My new batch of pens has arrived, all Hero '51 clones from iSellPens.

From the top -- Hero 100, Hero 329(old style), Hero 329(new style), Hero 616 Jumbo, Parker 51 special.


I got the 329 because I have one of the older model 329s, and Internet comments suggest that the newer ones are better built. I got the Jumbo 616 because of its larger size, and the 100 because general opinion is that it is the best of Hero's '51 clones.

Fit and finish on all four pens is quite good, especially for the price. I found only two inelegancies -- one on the 616 and one, surprisingly, on the 100. Where the clip is attached to the cap on the 616, there are little gaps in the seams. It is a strong assembly, just a little clunky. You can see it in the photo, compared to the 51 cap below. The barrel on the 100 is not concentric with the clutch ring, and there is a little step on the right hand side. However, you don't feel it as you write, as your fingers hold the pen below the clutch ring.

The caps on all four pens are push-on and fit well, at least when new. The clips on the new-style 329 and the 616 are fixed to the top of the cap, and are sturdy and solid. The 100 and the old-style 329 have spring-mounted clips, with the one on the 100 looking that little bit sleeker.

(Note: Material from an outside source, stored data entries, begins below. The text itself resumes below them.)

Lemma heron_triangle_heron :
  is_hyp_heron (heron_triangle m t W) /\ has_right_angle (heron_triangle m t W) /\
  cos (harea (heron_triangle m t W)) = (1 - m ^ 2) / (1 + m ^ 2) /\
  sin (harea (heron_triangle m t W)) = 2 * m / (1 + m ^ 2).
Proof.
  destruct heron_angles as [HA [Hal Hbe]]. destruct tW_quartic as [t_rat [W_rat _]].
  destruct (right_triangle_cosh al be s) as [Ha [Hb Hc]];
    [lra | lra | unfold be; lra | apply heron_sinh_c_sqr |].
  pose proof (in_Qi_2atan m m_rat) as [cA_rat sA_rat]. fold A in cA_rat, sA_rat.
  pose proof (in_Qi_2atan t t_rat) as [ca_rat sa_rat]. fold al in ca_rat, sa_rat.
  assert (in_Qi (cos be) (sin be)) as [cb_rat sb_rat].
  { replace be with (PI / 2 - (A + al)) by (unfold be; ring).
    now apply in_Qi_shift, in_Qi_plus; apply in_Qi_2atan. }
  assert (s_rat : is_rat s) by (unfold s; solve_rat).
  rewrite heron_triangle_harea. unfold A. rewrite cos_2atan, sin_2atan.
  split; [| split; [now right; right | split; reflexivity]].
  unfold is_hyp_heron. rewrite heron_triangle_harea.
  split; [apply heron_triangle_is_hyp_triangle |].
  rewrite heron_triangle_eq in *. unfold in_Qi.
  rewrite !exp_cosh_sinh, Ha, Hb, Hc. cbn [ta tb tc tal tbe tga right_triangle].
  rewrite !sinh_arcsinh, cos_PI2, sin_PI2.
  repeat split; solve_rat.
Qed.

Lemma heron_triangle_sides_lt :
  ta (heron_triangle m t W) < tb (heron_triangle m t W) < tc (heron_triangle m t W).
Proof.
  destruct heron_angles as [HA [Hal Hbe]]. pose proof PI_RGT_0.
  rewrite heron_triangle_eq. apply right_triangle_sides_lt; try (unfold be in *; lra).
  - apply heron_sinh_c_pos.
  - apply sin_increasing_1; unfold be in *; lra.
Qed.

End HeronTriangle.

All four pens are based on the Parker 51. They have the same type of hooded nib and similar design of section, barrel and cap. Mine all have plastic barrels, but you can get the 100 with a stainless-steel barrel. They would all be classed as light pens, but all post securely if you want a little extra weight. All four pens are pretty much the same length, with the 616 Jumbo just that little bit thicker (which is why I bought it).

The old-style 329's nib is gold plated and iridium-tipped. The new-style 329 and the 616 are steel nibs, and close examination with a loupe shows they are both tipped, but it is not as obvious as the older 329. The 100 comes with a 14k gold nib and a definite tip.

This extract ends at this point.